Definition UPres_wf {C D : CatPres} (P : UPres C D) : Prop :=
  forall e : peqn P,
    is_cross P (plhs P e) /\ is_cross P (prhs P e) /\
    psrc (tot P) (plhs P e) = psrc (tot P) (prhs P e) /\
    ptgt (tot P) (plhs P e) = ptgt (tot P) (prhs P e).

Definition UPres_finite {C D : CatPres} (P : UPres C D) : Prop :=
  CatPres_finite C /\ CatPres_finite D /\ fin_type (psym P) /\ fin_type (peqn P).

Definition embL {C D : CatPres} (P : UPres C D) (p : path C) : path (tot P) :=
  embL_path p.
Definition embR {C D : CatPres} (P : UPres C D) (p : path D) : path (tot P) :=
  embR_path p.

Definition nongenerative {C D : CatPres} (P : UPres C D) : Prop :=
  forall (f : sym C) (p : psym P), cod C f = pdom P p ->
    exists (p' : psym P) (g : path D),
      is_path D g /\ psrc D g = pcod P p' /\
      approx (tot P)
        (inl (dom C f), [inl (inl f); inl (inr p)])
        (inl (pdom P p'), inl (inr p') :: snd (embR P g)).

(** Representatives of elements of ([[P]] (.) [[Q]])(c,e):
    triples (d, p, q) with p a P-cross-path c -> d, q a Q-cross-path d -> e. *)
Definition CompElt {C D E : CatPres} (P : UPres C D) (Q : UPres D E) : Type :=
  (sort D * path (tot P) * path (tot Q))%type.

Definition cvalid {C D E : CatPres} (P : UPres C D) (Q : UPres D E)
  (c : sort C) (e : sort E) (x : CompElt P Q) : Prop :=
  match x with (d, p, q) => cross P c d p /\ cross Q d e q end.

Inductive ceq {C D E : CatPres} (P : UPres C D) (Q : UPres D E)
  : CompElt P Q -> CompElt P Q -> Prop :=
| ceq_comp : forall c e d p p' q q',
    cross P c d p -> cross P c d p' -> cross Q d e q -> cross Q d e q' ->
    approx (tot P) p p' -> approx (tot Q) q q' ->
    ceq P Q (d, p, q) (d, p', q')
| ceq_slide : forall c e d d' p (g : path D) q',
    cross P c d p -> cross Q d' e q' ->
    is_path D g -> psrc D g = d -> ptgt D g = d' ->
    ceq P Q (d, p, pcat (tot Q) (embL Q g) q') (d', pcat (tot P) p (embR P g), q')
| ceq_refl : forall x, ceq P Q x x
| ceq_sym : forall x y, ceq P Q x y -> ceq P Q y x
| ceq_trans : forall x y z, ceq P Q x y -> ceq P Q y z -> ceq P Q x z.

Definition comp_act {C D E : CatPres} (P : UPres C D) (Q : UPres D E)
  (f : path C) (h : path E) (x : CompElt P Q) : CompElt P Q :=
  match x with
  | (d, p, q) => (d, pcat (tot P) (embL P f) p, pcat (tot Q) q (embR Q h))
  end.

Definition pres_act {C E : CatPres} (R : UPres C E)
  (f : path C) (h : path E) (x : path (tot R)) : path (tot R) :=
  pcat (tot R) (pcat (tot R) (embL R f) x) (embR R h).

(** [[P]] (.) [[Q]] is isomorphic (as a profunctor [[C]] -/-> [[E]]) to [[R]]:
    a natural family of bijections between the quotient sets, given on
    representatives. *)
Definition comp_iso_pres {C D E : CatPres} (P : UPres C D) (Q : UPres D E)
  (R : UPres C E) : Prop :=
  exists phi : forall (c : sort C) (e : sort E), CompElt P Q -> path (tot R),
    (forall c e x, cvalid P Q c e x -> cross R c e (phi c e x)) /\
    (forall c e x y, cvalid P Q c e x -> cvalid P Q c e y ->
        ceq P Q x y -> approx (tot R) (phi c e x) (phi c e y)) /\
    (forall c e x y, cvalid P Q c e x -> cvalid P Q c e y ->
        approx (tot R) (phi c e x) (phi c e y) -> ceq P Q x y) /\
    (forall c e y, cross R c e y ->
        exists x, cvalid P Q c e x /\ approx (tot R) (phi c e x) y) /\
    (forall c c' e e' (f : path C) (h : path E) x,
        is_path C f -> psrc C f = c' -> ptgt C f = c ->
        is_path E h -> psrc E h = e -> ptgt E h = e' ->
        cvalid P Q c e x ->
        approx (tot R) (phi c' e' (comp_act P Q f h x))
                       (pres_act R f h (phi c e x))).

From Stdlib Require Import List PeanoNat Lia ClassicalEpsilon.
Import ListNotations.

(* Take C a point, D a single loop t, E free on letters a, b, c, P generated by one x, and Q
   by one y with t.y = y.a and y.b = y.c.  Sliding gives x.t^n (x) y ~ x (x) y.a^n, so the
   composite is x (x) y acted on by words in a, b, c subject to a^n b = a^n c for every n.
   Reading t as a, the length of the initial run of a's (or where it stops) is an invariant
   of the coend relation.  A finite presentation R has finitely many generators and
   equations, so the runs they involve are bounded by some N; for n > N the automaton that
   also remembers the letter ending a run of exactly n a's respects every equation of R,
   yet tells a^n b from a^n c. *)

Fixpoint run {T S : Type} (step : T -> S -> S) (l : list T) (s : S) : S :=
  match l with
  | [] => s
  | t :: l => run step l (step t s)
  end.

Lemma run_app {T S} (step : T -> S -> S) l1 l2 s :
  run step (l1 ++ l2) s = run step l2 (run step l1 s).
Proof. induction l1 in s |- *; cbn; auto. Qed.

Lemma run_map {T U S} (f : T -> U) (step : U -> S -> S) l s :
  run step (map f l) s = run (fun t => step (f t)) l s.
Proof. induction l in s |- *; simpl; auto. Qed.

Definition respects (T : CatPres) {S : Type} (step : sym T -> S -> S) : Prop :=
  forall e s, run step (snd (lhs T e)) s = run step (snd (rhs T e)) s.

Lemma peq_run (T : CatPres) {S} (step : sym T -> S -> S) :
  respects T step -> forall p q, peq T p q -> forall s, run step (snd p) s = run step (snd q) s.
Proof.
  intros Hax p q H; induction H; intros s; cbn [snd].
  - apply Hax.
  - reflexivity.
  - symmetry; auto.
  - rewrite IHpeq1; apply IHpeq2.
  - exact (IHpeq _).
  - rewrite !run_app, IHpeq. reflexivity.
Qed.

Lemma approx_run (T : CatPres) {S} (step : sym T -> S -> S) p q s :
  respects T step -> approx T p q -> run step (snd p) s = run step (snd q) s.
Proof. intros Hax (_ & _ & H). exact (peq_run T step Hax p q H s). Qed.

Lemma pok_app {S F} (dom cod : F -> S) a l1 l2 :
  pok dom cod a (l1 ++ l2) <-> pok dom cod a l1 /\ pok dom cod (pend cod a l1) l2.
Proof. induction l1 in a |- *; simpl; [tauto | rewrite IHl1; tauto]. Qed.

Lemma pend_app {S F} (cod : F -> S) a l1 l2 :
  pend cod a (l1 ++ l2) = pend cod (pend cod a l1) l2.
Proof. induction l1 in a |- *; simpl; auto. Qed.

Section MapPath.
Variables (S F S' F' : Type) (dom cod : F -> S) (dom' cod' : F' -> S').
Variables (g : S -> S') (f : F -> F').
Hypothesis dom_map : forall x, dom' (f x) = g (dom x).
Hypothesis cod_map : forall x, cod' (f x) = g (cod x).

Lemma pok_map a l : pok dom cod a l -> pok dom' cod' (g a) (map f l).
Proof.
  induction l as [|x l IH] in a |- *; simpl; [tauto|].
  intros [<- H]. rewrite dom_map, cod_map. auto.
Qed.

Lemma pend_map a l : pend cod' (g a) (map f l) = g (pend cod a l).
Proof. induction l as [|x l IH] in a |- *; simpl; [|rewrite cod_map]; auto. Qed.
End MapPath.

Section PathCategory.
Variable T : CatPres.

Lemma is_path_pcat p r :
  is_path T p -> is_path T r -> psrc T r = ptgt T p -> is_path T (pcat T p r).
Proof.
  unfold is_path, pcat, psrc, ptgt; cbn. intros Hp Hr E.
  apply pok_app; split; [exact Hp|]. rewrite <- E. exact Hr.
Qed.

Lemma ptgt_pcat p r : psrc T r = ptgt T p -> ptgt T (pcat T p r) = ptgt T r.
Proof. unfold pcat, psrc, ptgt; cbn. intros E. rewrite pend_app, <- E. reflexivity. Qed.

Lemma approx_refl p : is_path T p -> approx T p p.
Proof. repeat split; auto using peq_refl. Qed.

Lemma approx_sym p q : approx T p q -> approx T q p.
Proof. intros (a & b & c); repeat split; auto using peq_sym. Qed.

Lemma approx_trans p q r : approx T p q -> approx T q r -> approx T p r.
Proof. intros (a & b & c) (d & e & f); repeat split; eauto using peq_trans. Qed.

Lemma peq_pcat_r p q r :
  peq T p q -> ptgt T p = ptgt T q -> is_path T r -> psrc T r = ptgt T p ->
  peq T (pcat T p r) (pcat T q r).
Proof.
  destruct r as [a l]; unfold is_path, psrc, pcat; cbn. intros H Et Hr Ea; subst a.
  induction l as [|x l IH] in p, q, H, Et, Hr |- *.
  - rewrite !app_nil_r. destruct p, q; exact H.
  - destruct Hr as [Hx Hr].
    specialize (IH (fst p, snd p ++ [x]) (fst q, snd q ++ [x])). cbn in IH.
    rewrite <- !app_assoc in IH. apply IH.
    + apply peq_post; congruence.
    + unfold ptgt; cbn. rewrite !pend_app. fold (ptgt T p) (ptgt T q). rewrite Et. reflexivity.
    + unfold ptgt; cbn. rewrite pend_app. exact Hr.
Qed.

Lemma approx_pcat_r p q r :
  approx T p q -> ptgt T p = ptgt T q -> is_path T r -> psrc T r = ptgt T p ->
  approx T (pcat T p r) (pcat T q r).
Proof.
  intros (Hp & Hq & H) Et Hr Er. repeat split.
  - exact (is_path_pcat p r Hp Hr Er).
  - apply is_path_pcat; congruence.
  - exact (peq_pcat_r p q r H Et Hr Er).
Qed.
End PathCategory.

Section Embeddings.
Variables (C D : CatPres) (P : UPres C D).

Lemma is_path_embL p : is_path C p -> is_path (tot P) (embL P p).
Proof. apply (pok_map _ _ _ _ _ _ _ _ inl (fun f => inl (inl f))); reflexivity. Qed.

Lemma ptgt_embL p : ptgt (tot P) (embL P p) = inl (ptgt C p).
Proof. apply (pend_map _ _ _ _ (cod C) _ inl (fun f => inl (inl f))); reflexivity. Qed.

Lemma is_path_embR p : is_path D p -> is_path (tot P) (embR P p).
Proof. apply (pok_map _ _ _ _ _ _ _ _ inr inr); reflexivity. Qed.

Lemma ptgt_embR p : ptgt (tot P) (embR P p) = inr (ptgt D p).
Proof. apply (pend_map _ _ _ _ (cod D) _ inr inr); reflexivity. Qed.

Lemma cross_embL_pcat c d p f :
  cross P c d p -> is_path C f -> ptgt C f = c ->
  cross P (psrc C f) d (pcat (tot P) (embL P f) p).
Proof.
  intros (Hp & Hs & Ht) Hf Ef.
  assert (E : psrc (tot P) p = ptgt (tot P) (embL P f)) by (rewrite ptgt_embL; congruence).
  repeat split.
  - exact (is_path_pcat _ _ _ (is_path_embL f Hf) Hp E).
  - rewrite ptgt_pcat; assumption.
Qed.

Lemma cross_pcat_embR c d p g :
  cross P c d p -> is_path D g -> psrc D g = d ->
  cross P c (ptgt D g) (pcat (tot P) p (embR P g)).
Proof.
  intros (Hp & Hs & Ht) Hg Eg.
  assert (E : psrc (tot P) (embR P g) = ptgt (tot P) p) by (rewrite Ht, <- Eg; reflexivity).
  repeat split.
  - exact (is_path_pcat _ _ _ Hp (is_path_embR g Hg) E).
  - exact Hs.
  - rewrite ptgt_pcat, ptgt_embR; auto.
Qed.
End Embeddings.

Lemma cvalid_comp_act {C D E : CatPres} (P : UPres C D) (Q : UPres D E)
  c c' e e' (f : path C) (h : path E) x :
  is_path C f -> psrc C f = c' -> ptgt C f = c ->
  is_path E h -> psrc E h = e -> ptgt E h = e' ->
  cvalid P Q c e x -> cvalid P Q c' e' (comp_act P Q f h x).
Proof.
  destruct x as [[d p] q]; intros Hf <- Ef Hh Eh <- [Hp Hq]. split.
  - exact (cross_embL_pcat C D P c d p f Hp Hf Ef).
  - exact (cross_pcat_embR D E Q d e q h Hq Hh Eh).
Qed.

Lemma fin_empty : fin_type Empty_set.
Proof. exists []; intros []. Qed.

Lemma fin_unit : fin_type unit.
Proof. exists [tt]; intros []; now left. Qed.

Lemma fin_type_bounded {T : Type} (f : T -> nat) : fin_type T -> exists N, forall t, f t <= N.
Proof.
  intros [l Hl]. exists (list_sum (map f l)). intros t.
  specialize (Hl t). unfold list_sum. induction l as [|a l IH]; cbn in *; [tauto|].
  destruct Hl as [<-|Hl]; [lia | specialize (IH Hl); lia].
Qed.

Assignment: Bring together all lines from the listing that contain the word "pdom".

Task output:
  forall (f : sym C) (p : psym P), cod C f = pdom P p ->
        (inl (pdom P p'), inl (inr p') :: snd (embR P g)).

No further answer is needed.